Article ID: 2025-0064
We aimed to report our experience with exoscopic keyhole clipping of unruptured middle cerebral artery aneurysms using multiple 4K 3-dimensional monitors.
We performed sphenoid ridge keyhole clipping of unruptured middle cerebral artery aneurysms using the ORBEYE exoscope (Sony Olympus Medical Solutions, Inc., Tokyo, Japan) with multiple 4K 3-dimensional monitors in 19 patients in our institution from 2020 to 2023. A 55-inch monitor was placed facing the surgeon at the end of an imaginary line extending through the Sylvian fissure ipsilateral to the target aneurysm. Two 32-inch movable sub-monitors were placed facing the surgeon at 45° angles to the left and right. Comparisons were made with a historical control group that comprised 21 patients who underwent the same procedure as above from 2017 to 2019 but with a surgical microscope rather than an exoscope.
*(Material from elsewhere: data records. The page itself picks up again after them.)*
Lemma segment_iff : ellipse_segment_not_collinear_H z e1 e2 p <-> cross (P1 - P2) P12 = 0.
Proof.
split.
- case=> A [B [_ ellipse_eq _]].
  apply: (segment_ellipse_cross0 (A := coords A) (B := coords B)) => c s cs1.
  have : normal_ellipse z e1 e2 p (sigma z e1 e2 p (onb c s)).
    by exists (onb c s); rewrite //= Iform_onb -!expr2.
  rewrite ellipse_eq => -[t _ seg_t]; exists t.
  by move/(congr1 coords): seg_t; rewrite linearD !linearZ_LR sigma_onb frameK.
- move=> cross0; have [A [B [onto into indep]]] := ellipse_segment nonflat_ellipse cross0.
  exists (frame A), (frame B); split.
  + apply: contraNneq indep => /(can_inj frameK) ->.
    by rewrite subrr /cross !mulr0 subrr.
  + apply/seteqP; split=> _ /= [x x1 <-].
      have [c [s xE]] := onb_surj x; rewrite xE /= Iform_onb -!expr2 in x1.
      have [t t01 ept] := onto c s x1.
      exists t; first by rewrite /= in_itv.
      by rewrite xE sigma_onb ept frame_lincomb.
    rewrite /= in_itv /= in x1; have [c [s [cs1 ept]]] := into x x1.
    by exists (onb c s); rewrite /= ?Iform_onb -?expr2 // sigma_onb ept frame_lincomb.
  + move=> h [x [y [x1 y1 xy ->]]] s t st0.
    have [c1 [s1 xE]] := onb_surj x; have [c2 [s2 yE]] := onb_surj y.
    rewrite xE yE !Iform_onb -!expr2 in x1 y1 xy.
    apply: (cross_free indep); apply: (can_inj frameK); rewrite linear0 -{}st0.
    rewrite xE yE !sigma_onb frame_lincomb -(ellipse_center_orthonormal P1 P2 P12 x1 y1 xy).
    by rewrite linearZ_LR linearD linearB.
Qed.

Lemma rect_hyperbola_iff_segment :
  indicatrix_rect_hyperbola z e1 e2 p <-> ellipse_segment_not_collinear_H z e1 e2 p.
Proof. by rewrite rect_hyperbola_iff segment_iff. Qed.

End Geometry.

Unset Implicit Arguments.
Theorem corollary3p6 (R : realType) (D : set (R * R)) (z e1 e2 : param R) :
  open D ->
  smooth_on D z ->
  (forall p, D p -> regular_at z p) ->
  (forall p, D p -> normal_frame_at z e1 e2 p) ->
  (forall p, D p -> ~ flat_point z e1 e2 p) ->
  ((forall p, D p -> indicatrix_rect_hyperbola z e1 e2 p) <->
   (forall p, D p -> ellipse_segment_not_collinear_H z e1 e2 p)).
Proof.
move=> _ _ _ frame_at nonflat.
by split=> h q Dq; apply/(rect_hyperbola_iff_segment (frame_at q Dq) (nonflat q Dq)); exact: h.
Qed.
All exoscope group procedures were successfully accomplished using ORBEYE alone. Mean aneurysm diameter, craniotomy size, duration of intradural procedure, blood loss volume, and times of indocyanine green video angiography were similar in the exoscope and microscope groups. The mean indocyanine green dose was significantly lower in the exoscope group.
Keyhole clipping for unruptured middle cerebral artery aneurysms using an exoscope and multiple 4K 3-dimensional monitors was safe and efficient, and not inferior to using a surgical microscope, suggesting that there are no major barriers for neurosurgeons to switch from microscopic to exoscopic keyhole clipping.